Question

select the boolean expression that is equivalent to the function defined in the table below:

x	y	z	f(x,y,z)
0	0	0	0
0	0	1	0
0	1	0	1
0	1	1	1
1	0	0	0
1	0	1	1
1	1	0	0
1	1	1	0

\\(\overline{x}y\overline{z}+\overline{x}yz + x\overline{y}z\\)
\\(\overline{x}y\overline{z}+\overline{x}yz\\)
\\(\overline{x}y\overline{z}+\overline{x}yz+xy\overline{z}+xyz\\)
\\(\overline{x}y\overline{z}+xyz + x\overline{y}z\\)

Explanation:

Step1: Recall min - term concept

In a truth - table, each row where the output function \(f(x,y,z)\) is 1 corresponds to a min - term. A min - term for a 3 - variable function \(x,y,z\) is of the form \(\overline{x}^a\overline{y}^b\overline{z}^c\), where \(a,b,c\in\{0,1\}\) and \(\overline{x}^0 = x,\overline{x}^1=\overline{x}\).

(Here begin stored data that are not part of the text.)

(* [codeg . a] sums to at least [n^2 / K^2] ([sum_codeg]), and vertices [b] of red
   degree at most that of [a] satisfy [codeg b a <= codeg a b] ([cdeg_codeg]). *)
Lemma card_large_codeg a : 2 * K ^ 2 * #|[set b | cdeg col true a < cdeg col true b]| < n ->
  n <= D * #|[set b | (n <= D * codeg a b) && (n <= D * codeg b a)]|.
Proof.
set above := [set b | _] => few_above.
have n0 : 0 < n by apply: leq_ltn_trans few_above.
have codeg_le b : codeg b a <= n := leq_trans (max_card _) (eq_leq (card_ord n)).
have sum_all : n * n <= K ^ 2 * \sum_b codeg b a.
  have sum_deg : #|nbhd false a| * n <= K * \sum_(u in nbhd false a) cdeg col true u.
    by rewrite big_distrr -sum_nat_const; apply: leq_sum => u _; apply: balanced.
  have := leq_mul (balanced a false : n <= K * #|nbhd false a|) (leqnn n).
  by have := leq_mul (leqnn K) sum_deg; rewrite sum_codeg -mulnn; lia.
have sum_above : \sum_(b in above) codeg b a <= #|above| * n.
  by rewrite -sum_nat_const; apply: leq_sum => b _.
have sum_rest : n * n <= 2 * K ^ 2 * \sum_(b in ~: above) codeg b a.
  have split_sum : \sum_b codeg b a = \sum_(b in above) codeg b a + \sum_(b in ~: above) codeg b a.
    by rewrite (bigID (mem above)) /=; congr (_ + _); apply: eq_bigl => b; rewrite !inE.
  move: sum_all; rewrite split_sum.
  have := leq_mul (leqnn (K ^ 2)) sum_above; have := leq_mul few_above (leqnn n).
  by set k := K ^ 2; lia.
have := @reverse_markov _ (~: above) (fun b => codeg b a) n (2 * K ^ 2) n n0.
move=> /(_ (fun b _ => codeg_le b) sum_rest); set H := [set b in _ | _] => bigH.
have sH : H \subset [set b | (n <= D * codeg a b) && (n <= D * codeg b a)].
  apply/subsetP => b; rewrite !inE -leqNgt => /andP[le_ba]; rewrite mulnA => le_n.
  rewrite le_n andbT (leq_trans le_n) // leq_mul2l.
  by have := cdeg_codeg a b; lia.
apply: leq_trans (leq_mul (leqnn D) (subset_leq_card sH)).
have rest_le : #|~: above| <= n := leq_trans (max_card _) (eq_leq (card_ord n)).
lia.
Qed.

Step2: Identify min - terms from table

When \(x = 0,y = 1,z = 0\), the min - term is \(\overline{x}y\overline{z}\). When \(x = 0,y = 1,z = 1\), the min - term is \(\overline{x}yz\). When \(x = 1,y = 0,z = 1\), the min - term is \(x\overline{y}z\).

Step3: Write the sum - of - min - terms expression

The Boolean function \(f(x,y,z)\) in sum - of - min - terms form is the sum of these min - terms for which \(f(x,y,z)=1\), so \(f(x,y,z)=\overline{x}y\overline{z}+\overline{x}yz + x\overline{y}z\).

Answer:

\(\overline{x}y\overline{z}+\overline{x}yz + x\overline{y}z\) (corresponding to the first option in the multiple - choice list)